(Records from a collection)
(* Let $\Omega=\mathbb N$, $\Sigma=2^{\mathbb N}$ and $\mu$ a finite measure with $\mu(\{n\})>0$ for all $n$. Let $X(\mu)$ be a Banach rectangular sequence space containing every canonical sequence $e_n$ ($e_n(k)=1$ if $k=n$ and $0$ otherwise), and let $X_0$ be the closure in $X(\mu)$ of $\operatorname{span}\{e_n:n\in\mathbb N\}$. Then $\{e_n\}$ is an unconditional basis for $X_0$.
   Context: A Banach rectangular sequence space is a vector space $X(\mu)$ of real sequences with a complete norm such that for some $C>0$, $\chi_Af\in X(\mu)$ and $\|\chi_Af\|\le C\|f\|$ for all $f\in X(\mu)$, $A\subseteq\mathbb N$. An unconditional basis of $X_0$ is a Schauder basis $\{x_n\}$ (each $x\in X_0$ is uniquely $\sum a_nx_n$) such that for each $x=\sum a_nx_n$ the series $\sum a_{\pi(n)}x_{\pi(n)}$ converges for every permutation $\pi$ of $\mathbb N$. *)

From Stdlib Require Import Reals ClassicalEpsilon.
Open Scope R_scope.

Definition rseq := nat -> R.

Definition seq_add (f g : rseq) : rseq := fun k => f k + g k.
Definition seq_scale (a : R) (f : rseq) : rseq := fun k => a * f k.
Definition seq_sub (f g : rseq) : rseq := fun k => f k - g k.
Definition seq_zero : rseq := fun _ => 0.

Definition chi (A : nat -> Prop) (f : rseq) : rseq :=
  fun k => if excluded_middle_informative (A k) then f k else 0.

Definition norm_conv (nrm : rseq -> R) (u : nat -> rseq) (x : rseq) : Prop :=
  forall eps, 0 < eps -> exists N, forall n, (N <= n)%nat -> nrm (seq_sub (u n) x) < eps.

Definition norm_cauchy (nrm : rseq -> R) (u : nat -> rseq) : Prop :=
  forall eps, 0 < eps -> exists N, forall n m, (N <= n)%nat -> (N <= m)%nat ->
    nrm (seq_sub (u n) (u m)) < eps.

Definition banach_seq_space (X : rseq -> Prop) (nrm : rseq -> R) : Prop :=
  X seq_zero /\
  (forall f g, X f -> X g -> X (seq_add f g)) /\
  (forall a f, X f -> X (seq_scale a f)) /\
  (forall f, X f -> 0 <= nrm f) /\
  (forall f, X f -> nrm f = 0 -> f = seq_zero) /\
  (forall a f, X f -> nrm (seq_scale a f) = Rabs a * nrm f) /\
  (forall f g, X f -> X g -> nrm (seq_add f g) <= nrm f + nrm g) /\
  (forall u : nat -> rseq, (forall n, X (u n)) -> norm_cauchy nrm u ->
     exists x, X x /\ norm_conv nrm u x).

Definition banach_rectangular_seq_space (X : rseq -> Prop) (nrm : rseq -> R) : Prop :=
  banach_seq_space X nrm /\
  exists C, 0 < C /\
    forall f (A : nat -> Prop), X f -> X (chi A f) /\ nrm (chi A f) <= C * nrm f.

Definition e (n : nat) : rseq := fun k => if Nat.eqb k n then 1 else 0.

Fixpoint psum (a : nat -> R) (b : nat -> rseq) (N : nat) : rseq :=
  match N with
  | O => seq_zero
  | S N' => seq_add (psum a b N') (seq_scale (a N') (b N'))
  end.

Definition span (b : nat -> rseq) (f : rseq) : Prop :=
  exists (N : nat) (a : nat -> R), f = psum a b N.

Definition closure_in (X : rseq -> Prop) (nrm : rseq -> R) (S : rseq -> Prop)
  (f : rseq) : Prop :=
  X f /\ forall eps, 0 < eps -> exists g, S g /\ nrm (seq_sub f g) < eps.

Definition series_conv (nrm : rseq -> R) (a : nat -> R) (b : nat -> rseq) (x : rseq) :=
  norm_conv nrm (psum a b) x.

Definition is_permutation (p : nat -> nat) : Prop :=
  exists q : nat -> nat, (forall n, q (p n) = n) /\ (forall n, p (q n) = n).

Definition schauder_basis (X0 : rseq -> Prop) (nrm : rseq -> R) (b : nat -> rseq) : Prop :=
  (forall n, X0 (b n)) /\
  (forall x, X0 x -> exists! a : nat -> R, series_conv nrm a b x).

Definition unconditional_basis (X0 : rseq -> Prop) (nrm : rseq -> R) (b : nat -> rseq) : Prop :=
  schauder_basis X0 nrm b /\
  (forall x (a : nat -> R), X0 x -> series_conv nrm a b x ->
     forall p, is_permutation p ->
       exists y, X0 y /\ series_conv nrm (fun n => a (p n)) (fun n => b (p n)) y).

From Stdlib Require Import Reals Lra Lia FunctionalExtensionality ClassicalEpsilon FinFun.
Open Scope R_scope.

(* Rectangularity with constant C makes every coordinate functional bounded,
   |f n| nrm (e n) <= C nrm f, so the coefficients of any expansion of x in
   the e_n are the entries of x itself.  It also bounds the part of x living
   on a set B of indices beyond the support of a finitely supported g by
   C nrm (x - g). *)

Definition image_below (p : nat -> nat) (N k : nat) : Prop :=
  exists j, (j < N)%nat /\ p j = k.

Lemma image_below_S p N k :
  image_below p (S N) k <-> image_below p N k \/ p N = k.
Proof.
  split.
  - intros [j [Hj <-]].
    destruct (Nat.eq_dec j N) as [->|Hne]; [now right|].
    left; exists j; split; [lia|reflexivity].
  - intros [[j [Hj <-]]|<-]; [exists j|exists N]; split; auto; lia.
Qed.

Lemma chi_ext (A B : nat -> Prop) f :
  (forall k, A k <-> B k) -> chi A f = chi B f.
Proof.
  intros HAB; apply functional_extensionality; intro k; unfold chi.
  specialize (HAB k).
  destruct (excluded_middle_informative (A k)),
    (excluded_middle_informative (B k)); tauto.
Qed.

Lemma psum_comp_e f p :
  Injective p -> forall N,
  psum (fun n => f (p n)) (fun n => e (p n)) N = chi (image_below p N) f.
Proof.
  intros Hp N; induction N as [|N IH];
    apply functional_extensionality; intro k;
    simpl; unfold chi, seq_zero, seq_add, seq_scale.
  - destruct excluded_middle_informative as [[j [Hj _]]|_]; [lia|reflexivity].
  - rewrite IH; unfold chi, e.
    destruct (Nat.eqb_spec k (p N)) as [->|Hk].
    + destruct (excluded_middle_informative (image_below p N (p N)))
        as [[j [Hj Hpj]]|_]; [apply Hp in Hpj; lia|].
      destruct excluded_middle_informative as [_|Hout]; [ring|].
      exfalso; apply Hout, image_below_S; now right.
    + destruct (excluded_middle_informative (image_below p N k)) as [Hin|Hout],
        (excluded_middle_informative (image_below p (S N) k)) as [Hin'|Hout'];
        try ring.
      * exfalso; apply Hout', image_below_S; now left.
      * apply image_below_S in Hin' as [Hin'|Hin']; [contradiction|congruence].
Qed.

Lemma psum_e f N : psum f e N = chi (fun k => (k < N)%nat) f.
Proof.
  change (psum (fun n => f n) (fun n => e n) N = chi (fun k => (k < N)%nat) f).
  rewrite (psum_comp_e f (fun n => n)) by (intros i j; auto).
  apply chi_ext; intro k; split.
  - now intros [j [Hj <-]].
  - intro Hk; now exists k.
Qed.

Lemma e_as_psum n : e n = psum (e n) e (S n).
Proof.
  rewrite psum_e; apply functional_extensionality; intro k; unfold chi, e.
  destruct excluded_middle_informative; [reflexivity|].
  destruct (Nat.eqb_spec k n); [lia|reflexivity].
Qed.

Lemma is_permutation_id : is_permutation (fun n => n).
Proof. now exists (fun n => n). Qed.

Lemma is_permutation_injective p : is_permutation p -> Injective p.
Proof.
  intros [q [Hqp _]] i j Hij.
  now rewrite <- (Hqp i), <- (Hqp j), Hij.
Qed.

Lemma is_permutation_covers p :
  is_permutation p ->
  forall M, exists N0, forall k, (k < M)%nat -> image_below p N0 k.
Proof.
  intros [q [_ Hpq]] M; induction M as [|M [N0 HN0]].
  - exists 0%nat; intros k Hk; lia.
  - exists (max N0 (S (q M))); intros k Hk.
    destruct (Nat.eq_dec k M) as [->|Hne].
    + exists (q M); split; [lia|apply Hpq].
    + destruct (HN0 k ltac:(lia)) as [j [Hj Hpj]].
      exists j; split; [lia|assumption].
Qed.

Lemma Rmult_lt_of_lt_div c a b : 0 < c -> a < b / c -> c * a < b.
Proof.
  intros Hc Hab; apply Rmult_lt_compat_l with (r := c) in Hab; [|assumption].
  rewrite Rmult_div_assoc, Rmult_div_r in Hab by lra; exact Hab.
Qed.

Section RectangularSequenceSpace.

Variables (X : rseq -> Prop) (nrm : rseq -> R) (C : R).

Hypothesis X_zero : X seq_zero.
Hypothesis X_add : forall f g, X f -> X g -> X (seq_add f g).
Hypothesis X_scale : forall a f, X f -> X (seq_scale a f).
Hypothesis nrm_ge0 : forall f, X f -> 0 <= nrm f.
Hypothesis nrm_eq0 : forall f, X f -> nrm f = 0 -> f = seq_zero.
Hypothesis nrm_scale : forall a f, X f -> nrm (seq_scale a f) = Rabs a * nrm f.
Hypothesis C_gt0 : 0 < C.
Hypothesis chi_bounded :
  forall f (A : nat -> Prop), X f -> X (chi A f) /\ nrm (chi A f) <= C * nrm f.
Hypothesis X_e : forall n, X (e n).

Let X0 := closure_in X nrm (span e).

Lemma X_sub f g : X f -> X g -> X (seq_sub f g).
Proof.
  intros Hf Hg.
  replace (seq_sub f g) with (seq_add f (seq_scale (-1) g)) by
    (apply functional_extensionality; intro k;
     unfold seq_sub, seq_add, seq_scale; ring).
  auto.
Qed.

Lemma X_psum_e a N : X (psum a e N).
Proof. induction N; simpl; auto. Qed.

Lemma nrm_opp f : X f -> nrm (seq_scale (-1) f) = nrm f.
Proof.
  intro Hf; rewrite nrm_scale, Rabs_left by (assumption || lra); ring.
Qed.

Lemma nrm_sub_diag f : X f -> nrm (seq_sub f f) = 0.
Proof.
  intro Hf.
  replace (seq_sub f f) with (seq_scale 0 f) by
    (apply functional_extensionality; intro k; unfold seq_sub, seq_scale; ring).
  rewrite nrm_scale, Rabs_R0 by assumption; ring.
Qed.

Lemma nrm_e_gt0 n : 0 < nrm (e n).
Proof.
  destruct (nrm_ge0 (e n) (X_e n)) as [|Hzero]; [assumption|exfalso].
  apply eq_sym, nrm_eq0, (f_equal (fun f => f n)) in Hzero; [|apply X_e].
  unfold e, seq_zero in Hzero; rewrite Nat.eqb_refl in Hzero; lra.
Qed.

Lemma psum_e_in_closure a N : X0 (psum a e N).
Proof.
  split; [apply X_psum_e|].
  intros eps Heps; exists (psum a e N); split.
  - now exists N, a.
  - rewrite nrm_sub_diag by apply X_psum_e; assumption.
Qed.

Lemma coordinate_bound f n : X f -> Rabs (f n) * nrm (e n) <= C * nrm f.
Proof.
  intro Hf.
  assert (Hproj : chi (fun k => k = n) f = seq_scale (f n) (e n)).
  { apply functional_extensionality; intro k; unfold chi, seq_scale, e.
    destruct excluded_middle_informative as [->|Hk].
    - rewrite Nat.eqb_refl; ring.
    - destruct (Nat.eqb_spec k n); [contradiction|ring]. }
  rewrite <- nrm_scale, <- Hproj by apply X_e.
  apply (chi_bounded _ _ Hf).
Qed.

Lemma expansion_coeffs_unique a x : X x -> series_conv nrm a e x -> a = x.
Proof.
  intros Hx Hconv; apply functional_extensionality; intro n.
  destruct (Req_dec (a n) (x n)) as [|Hne]; [assumption|exfalso].
  set (d := Rabs (a n - x n) * nrm (e n)).
  assert (Hd : 0 < d).
  { apply Rmult_lt_0_compat; [apply Rabs_pos_lt; lra|apply nrm_e_gt0]. }
  destruct (Hconv (d / C)) as [N HN]; [now apply Rdiv_lt_0_compat|].
  set (m := max N (S n)).
  specialize (HN m (Nat.le_max_l _ _)).
  assert (Hentry : seq_sub (psum a e m) x n = a n - x n).
  { unfold seq_sub; rewrite psum_e; unfold chi.
    destruct excluded_middle_informative; [reflexivity|unfold m in *; lia]. }
  pose proof (coordinate_bound (seq_sub (psum a e m) x) n) as Hbound.
  rewrite Hentry in Hbound.
  specialize (Hbound (X_sub _ _ (X_psum_e a m) Hx)).
  pose proof (Rmult_lt_of_lt_div _ _ _ C_gt0 HN).
  fold d in Hbound; lra.
Qed.

Lemma closure_tail_small x :
  X0 x -> forall eps, 0 < eps ->
  exists M, forall B : nat -> Prop,
    (forall k, B k -> (M <= k)%nat) -> nrm (chi B x) < eps.
Proof.
  intros [Hx Hcl] eps Heps.
  destruct (Hcl (eps / C)) as [g [[M [b ->]] Hxg]];
    [now apply Rdiv_lt_0_compat|].
  exists M; intros B HB.
  assert (Hchi : chi B x = chi B (seq_sub x (psum b e M))).
  { apply functional_extensionality; intro k; unfold chi, seq_sub.
    rewrite psum_e; unfold chi.
    destruct (excluded_middle_informative (B k)) as [Hk|]; [|reflexivity].
    destruct excluded_middle_informative; [specialize (HB k Hk); lia|ring]. }
  rewrite Hchi.
  destruct (chi_bounded (seq_sub x (psum b e M)) B) as [_ Hle];
    [apply X_sub; [assumption|apply X_psum_e]|].
  apply (Rle_lt_trans _ _ _ Hle), Rmult_lt_of_lt_div; assumption.
Qed.

Lemma rearranged_expansion_conv x p :
  X0 x -> is_permutation p ->
  series_conv nrm (fun n => x (p n)) (fun n => e (p n)) x.
Proof.
  intros Hx Hp eps Heps.
  destruct (closure_tail_small x Hx eps Heps) as [M HM].
  destruct (is_permutation_covers p Hp M) as [N0 HN0].
  exists N0; intros N HN.
  assert (Hdiff : seq_sub (psum (fun n => x (p n)) (fun n => e (p n)) N) x =
                  seq_scale (-1) (chi (fun k => ~ image_below p N k) x)).
  { rewrite psum_comp_e by now apply is_permutation_injective.
    apply functional_extensionality; intro k; unfold seq_sub, seq_scale, chi.
    destruct (excluded_middle_informative (image_below p N k)),
      (excluded_middle_informative (~ image_below p N k)); try tauto; ring. }
  rewrite Hdiff, nrm_opp by now apply chi_bounded, Hx.
  apply HM; intros k Hk.
  destruct (Compare_dec.le_lt_dec M k) as [|Hlt]; [assumption|exfalso].
  apply Hk; destruct (HN0 k Hlt) as [j [Hj Hpj]].
  exists j; split; [lia|assumption].
Qed.

Lemma e_unconditional_basis : unconditional_basis X0 nrm e.
Proof.
  split; [split|].
  - intro n; rewrite e_as_psum; apply psum_e_in_closure.
  - intros x Hx; exists x; split.
    + exact (rearranged_expansion_conv x _ Hx is_permutation_id).
    + intros a Ha; symmetry; apply expansion_coeffs_unique; [apply Hx|assumption].
  - intros x a Hx Ha p Hp; exists x; split; [assumption|].
    rewrite (expansion_coeffs_unique a x (proj1 Hx) Ha).
    now apply rearranged_expansion_conv.
Qed.

End RectangularSequenceSpace.

Theorem proposition4p7 (X : rseq -> Prop) (nrm : rseq -> R) :
  banach_rectangular_seq_space X nrm ->
  (forall n, X (e n)) ->
  unconditional_basis (closure_in X nrm (span e)) nrm e.
Proof.
  intros [[X_zero [X_add [X_scale [nrm_ge0 [nrm_eq0 [nrm_scale _]]]]]]
          [C [C_gt0 chi_bounded]]] X_e.
  now apply (e_unconditional_basis X nrm C).
Qed.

== Problem statement ==
Look above for the line holding "Definition schauder_basis (X0", then set down exactly that line and every line after it up to and including the line holding "left; exists j; split; [lia|reflexivity].", with nothing else.

== Expected answer ==
Definition schauder_basis (X0 : rseq -> Prop) (nrm : rseq -> R) (b : nat -> rseq) : Prop :=
  (forall n, X0 (b n)) /\
  (forall x, X0 x -> exists! a : nat -> R, series_conv nrm a b x).

Definition unconditional_basis (X0 : rseq -> Prop) (nrm : rseq -> R) (b : nat -> rseq) : Prop :=
  schauder_basis X0 nrm b /\
  (forall x (a : nat -> R), X0 x -> series_conv nrm a b x ->
     forall p, is_permutation p ->
       exists y, X0 y /\ series_conv nrm (fun n => a (p n)) (fun n => b (p n)) y).

From Stdlib Require Import Reals Lra Lia FunctionalExtensionality ClassicalEpsilon FinFun.
Open Scope R_scope.

(* Rectangularity with constant C makes every coordinate functional bounded,
   |f n| nrm (e n) <= C nrm f, so the coefficients of any expansion of x in
   the e_n are the entries of x itself.  It also bounds the part of x living
   on a set B of indices beyond the support of a finitely supported g by
   C nrm (x - g). *)

Definition image_below (p : nat -> nat) (N k : nat) : Prop :=
  exists j, (j < N)%nat /\ p j = k.

Lemma image_below_S p N k :
  image_below p (S N) k <-> image_below p N k \/ p N = k.
Proof.
  split.
  - intros [j [Hj <-]].
    destruct (Nat.eq_dec j N) as [->|Hne]; [now right|].
    left; exists j; split; [lia|reflexivity].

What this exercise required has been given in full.